Give back an exact copy of the lines in the records below, from the line that has "Kobj pos (fun" through the line that has "Hypothesis d_gt0 : forall", and nothing besides.

'''

(* Let [L] be the largest slope [|u b - u a| / |b - a|] over the edges of the
   graph; chaining edges gives [|u x - u y| <= L d_g(x, y)].  Call an edge steep
   when [u] increases along it with slope exactly [L].  Since [u x] minimises the
   largest slope towards the neighbours of [x], at a vertex outside [Omega] a
   steep edge coming in forces a steep edge going out, and conversely.  As [u]
   increases strictly along steep edges, following them forward and backward
   from one steep edge ends at two vertices of [Omega] joined by a steep chain,
   on which the [d_g]-ratio of [f] is at least [L].  The same minimality gives a
   maximum principle: a top level set of [u] missing [Omega] would be closed
   under edges, which contradicts connectedness; the lower bound follows for
   [- u]. *)

From HB Require Import structures.
From mathcomp Require Import all_boot all_order all_algebra.
From mathcomp Require Import classical_sets reals.
From mathcomp Require Import lra.
Import Order.TTheory GRing.Theory Num.Theory.
Local Open Scope ring_scope.
Local Open Scope classical_set_scope.

Section EuclideanNorm.
Variables (R : realType) (n : nat).

Lemma normE_ge0 (v : 'rV[R]_n) : 0 <= normE v.
Proof. exact: sqrtr_ge0. Qed.

Lemma normE_subC (v w : 'rV[R]_n) : normE (v - w) = normE (w - v).
Proof.
rewrite /normE -opprB; congr Num.sqrt; apply: eq_bigr => i _.
by rewrite mxE sqrrN.
Qed.

Lemma normE_sub_gt0 (v w : 'rV[R]_n) : v != w -> 0 < normE (v - w).
Proof.
move=> vw; rewrite lt_neqAle normE_ge0 andbT eq_sym /normE sqrtr_eq0 -ltNge.
apply: contraNT vw; rewrite -leNgt => sum_le0.
have sum0 : \sum_(i < n) ((v - w) ord0 i) ^+ 2 = 0.
  by apply/eqP; rewrite eq_le sum_le0 sumr_ge0 // => i _; rewrite sqr_ge0.
have /(_ _ isT) := psumr_eq0P (fun i _ => sqr_ge0 ((v - w) ord0 i)) sum0.
move=> coord0; apply/eqP/matrixP => i j; rewrite (ord1 i).
by have /eqP := coord0 j; rewrite sqrf_eq0 !mxE subr_eq0 => /eqP.
Qed.

End EuclideanNorm.

Section KirszbraunOperator.
Context {R : realType} {n : nat} {T : finType} {pos : T -> 'rV[R]_n}.

Lemma le_Kobj (g : T -> R) (A : {set T}) x y c : c \in A ->
  `|g c - y| / normE (pos c - pos x) <= Kobj pos g A x y.
Proof. exact: le_bigmax_cond. Qed.

Lemma Kobj_lt (g : T -> R) (A : {set T}) x y L : 0 < L ->
  (forall b, b \in A -> `|g b - y| / normE (pos b - pos x) < L) ->
  Kobj pos g A x y < L.
Proof. by move=> L_gt0 lt_L; apply/bigmax_ltP. Qed.

Lemma Kobj_opp (g : T -> R) A x y :
  Kobj pos (fun t => - g t) A x (- y) = Kobj pos g A x y.
Proof. by apply: eq_bigr => b _; rewrite -opprD normrN. Qed.

Lemma is_K_opp (g : T -> R) A x y :
  is_K pos g A x y -> is_K pos (fun t => - g t) A x (- y).
Proof. by move=> gK z; rewrite Kobj_opp -[z]opprK Kobj_opp. Qed.

Lemma kirszbraun_ext_opp [E : rel T] [Omega : {set T}] [f u : T -> R] :
  kirszbraun_ext pos E Omega f u ->
  kirszbraun_ext pos E Omega (fun t => - f t) (fun t => - u t).
Proof.
move=> [u_f uK]; split => [x /u_f -> // | x xO].
exact/is_K_opp/uK.
Qed.

Section Steepness.
Context {g : T -> R} {A : {set T}} {a : T}.
Let d b := normE (pos b - pos a).
Hypothesis gK : is_K pos g A a (g a).
Hypothesis d_gt0 : forall b, b \in A -> 0 < d b.

(* If no neighbour were reached with the maximal slope [L] upwards, lowering
   the value at [a] by half the smallest gap would make every slope smaller
   than [L], contradicting the minimality of [g a]. *)
Lemma is_K_steep_out [c L] : 0 < L ->
  (forall b, b \in A -> `|g b - g a| <= L * d b) ->
  c \in A -> g a - g c = L * d c ->
  exists2 b, b \in A & g b - g a = L * d b.
Proof.
move=> L_gt0 slope_le cA gc.
have [/exists_inP [b bA /eqP steep_b] | /exists_inPn not_steep] :=
  boolP [exists b in A, g b - g a == L * d b]; first by exists b.
pose gap b := L * d b - (g b - g a).
have gap_gt0 b : b \in A -> 0 < gap b.
  move=> bA; rewrite subr_gt0 lt_neqAle not_steep //=.
  by have := slope_le b bA; rewrite ler_norml => /andP [].
case: (arg_minP gap cA) => b0 b0A gap_min.
have gap0_gt0 := gap_gt0 b0 b0A.
have L_le : L <= Kobj pos g A a (g a).
  apply: le_trans (le_Kobj g A a (g a) c cA).
  rewrite distrC gc ger0_norm; last by rewrite mulr_ge0 ?ltW ?d_gt0.
  by rewrite mulfK // gt_eqF // d_gt0.
have shift_lt : Kobj pos g A a (g a - gap b0 / 2) < L.
  apply: Kobj_lt => // b bA; rewrite ltr_pdivrMr ?d_gt0 // -/(d b) ltr_norml.
  have := slope_le b bA; rewrite ler_norml => /andP [lo hi].
  move: (gap_min b bA) gap0_gt0; rewrite /gap => gap_le gap0_gt0'.
  apply/andP; split; lra.
by have := le_lt_trans (le_trans L_le (gK _)) shift_lt; rewrite ltxx.
Qed.

Lemma is_K_local_max :
  (forall b, b \in A -> g b <= g a) -> forall b, b \in A -> g b = g a.
Proof.
move=> le_ga b bA; apply/eqP; rewrite eq_le le_ga //= leNgt; apply/negP => lt_b.
pose slope b := `|g b - g a| / d b.
case: (arg_maxP slope bA) => c cA slope_max.
have slope_gt0 : 0 < slope c.
  apply: lt_le_trans (slope_max b bA).
  by rewrite divr_gt0 ?d_gt0 // normr_gt0 subr_eq0 lt_eqF.
have [b' b'A steep_b'] : exists2 b', b' \in A & g b' - g a = slope c * d b'.
  apply: (is_K_steep_out slope_gt0 _ cA).
  - by move=> b2 b2A; rewrite -ler_pdivrMr ?d_gt0 //; exact: slope_max.
  - by rewrite divfK ?gt_eqF ?d_gt0 // distrC ger0_norm // subr_ge0 le_ga.
have := le_ga b' b'A; rewrite -subr_le0 steep_b' leNgt.
by rewrite mulr_gt0 ?d_gt0.
Qed.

'''

=== RESPONSE BOX ===
  Kobj pos (fun t => - g t) A x (- y) = Kobj pos g A x y.
Proof. by apply: eq_bigr => b _; rewrite -opprD normrN. Qed.

Lemma is_K_opp (g : T -> R) A x y :
  is_K pos g A x y -> is_K pos (fun t => - g t) A x (- y).
Proof. by move=> gK z; rewrite Kobj_opp -[z]opprK Kobj_opp. Qed.

Lemma kirszbraun_ext_opp [E : rel T] [Omega : {set T}] [f u : T -> R] :
  kirszbraun_ext pos E Omega f u ->
  kirszbraun_ext pos E Omega (fun t => - f t) (fun t => - u t).
Proof.
move=> [u_f uK]; split => [x /u_f -> // | x xO].
exact/is_K_opp/uK.
Qed.

Section Steepness.
Context {g : T -> R} {A : {set T}} {a : T}.
Let d b := normE (pos b - pos a).
Hypothesis gK : is_K pos g A a (g a).
Hypothesis d_gt0 : forall b, b \in A -> 0 < d b.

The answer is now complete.